Lemma cvg_bmull (u : nat -> X) U y : u @ \oo --> U ->
  (fun k => u k *[M] y) @ \oo --> U *[M] y.
Proof.
move=> uU; apply/cvgrPdist_lt => e e_gt0.
have y1_gt0 : 0 < `|y| + 1 by rewrite ltr_wpDl.
have Uu_near := (cvgrPdist_lt _ _).1 uU _ (divr_gt0 e_gt0 y1_gt0).
near=> k.
have : `|U - u k| < e / (`|y| + 1) by near: k; exact: Uu_near.
rewrite -bmulBl ltr_pdivlMr //; apply: le_lt_trans; apply: le_trans (bnormM _ _ _) _.
by rewrite ler_wpM2l // lerDl.
Unshelve. all: by end_near.
Qed.

Lemma cvg_bmulr (u : nat -> X) U y : u @ \oo --> U ->
  (fun k => y *[M] u k) @ \oo --> y *[M] U.
Proof.
move=> uU; apply/cvgrPdist_lt => e e_gt0.
have y1_gt0 : 0 < `|y| + 1 by rewrite ltr_wpDl.
have Uu_near := (cvgrPdist_lt _ _).1 uU _ (divr_gt0 e_gt0 y1_gt0).
near=> k.
have : `|U - u k| < e / (`|y| + 1) by near: k; exact: Uu_near.
rewrite -bmulBr ltr_pdivlMr //; apply: le_lt_trans; apply: le_trans (bnormM _ _ _) _.
by rewrite mulrC ler_wpM2l // lerDl.
Unshelve. all: by end_near.
Qed.

(* The three slots are kept apart because rescaling only the outer argument
   leads to the mixed defect [jordan_defect T T h]. *)
Definition jordan_defect (f g g' : X -> X) x y :=
  f (x *[M] y *[M] x) - g x *[M] y *[M] x - x *[M] g' y *[M] x - x *[M] y *[M] g x.

Lemma cvg_jordan_defect (f g g' : nat -> X -> X) (T U U' : X -> X) x y :
  f ^~ (x *[M] y *[M] x) @ \oo --> T (x *[M] y *[M] x) ->
  g ^~ x @ \oo --> U x -> g' ^~ y @ \oo --> U' y ->
  (fun k => jordan_defect (f k) (g k) (g' k) x y) @ \oo --> jordan_defect T U U' x y.
Proof.
move=> fT gU g'U'.
apply: cvgB; [apply: cvgB; [apply: cvgB|]|] => //.
- by apply: cvg_bmull; exact: cvg_bmull.
- by apply: cvg_bmull; exact: cvg_bmulr.
- exact: cvg_bmulr.
Qed.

--- WHAT IS BEING ASKED ---
Return, without any change, the lines from the one holding "by rewrite ler_wpM2l // lerDl." through the end of the listing, and only those.

--- ANSWER SECTION ---
by rewrite ler_wpM2l // lerDl.
Unshelve. all: by end_near.
Qed.

Lemma cvg_bmulr (u : nat -> X) U y : u @ \oo --> U ->
  (fun k => y *[M] u k) @ \oo --> y *[M] U.
Proof.
move=> uU; apply/cvgrPdist_lt => e e_gt0.
have y1_gt0 : 0 < `|y| + 1 by rewrite ltr_wpDl.
have Uu_near := (cvgrPdist_lt _ _).1 uU _ (divr_gt0 e_gt0 y1_gt0).
near=> k.
have : `|U - u k| < e / (`|y| + 1) by near: k; exact: Uu_near.
rewrite -bmulBr ltr_pdivlMr //; apply: le_lt_trans; apply: le_trans (bnormM _ _ _) _.
by rewrite mulrC ler_wpM2l // lerDl.
Unshelve. all: by end_near.
Qed.

(* The three slots are kept apart because rescaling only the outer argument
   leads to the mixed defect [jordan_defect T T h]. *)
Definition jordan_defect (f g g' : X -> X) x y :=
  f (x *[M] y *[M] x) - g x *[M] y *[M] x - x *[M] g' y *[M] x - x *[M] y *[M] g x.

Lemma cvg_jordan_defect (f g g' : nat -> X -> X) (T U U' : X -> X) x y :
  f ^~ (x *[M] y *[M] x) @ \oo --> T (x *[M] y *[M] x) ->
  g ^~ x @ \oo --> U x -> g' ^~ y @ \oo --> U' y ->
  (fun k => jordan_defect (f k) (g k) (g' k) x y) @ \oo --> jordan_defect T U U' x y.
Proof.
move=> fT gU g'U'.
apply: cvgB; [apply: cvgB; [apply: cvgB|]|] => //.
- by apply: cvg_bmull; exact: cvg_bmull.
- by apply: cvg_bmull; exact: cvg_bmulr.
- exact: cvg_bmulr.
Qed.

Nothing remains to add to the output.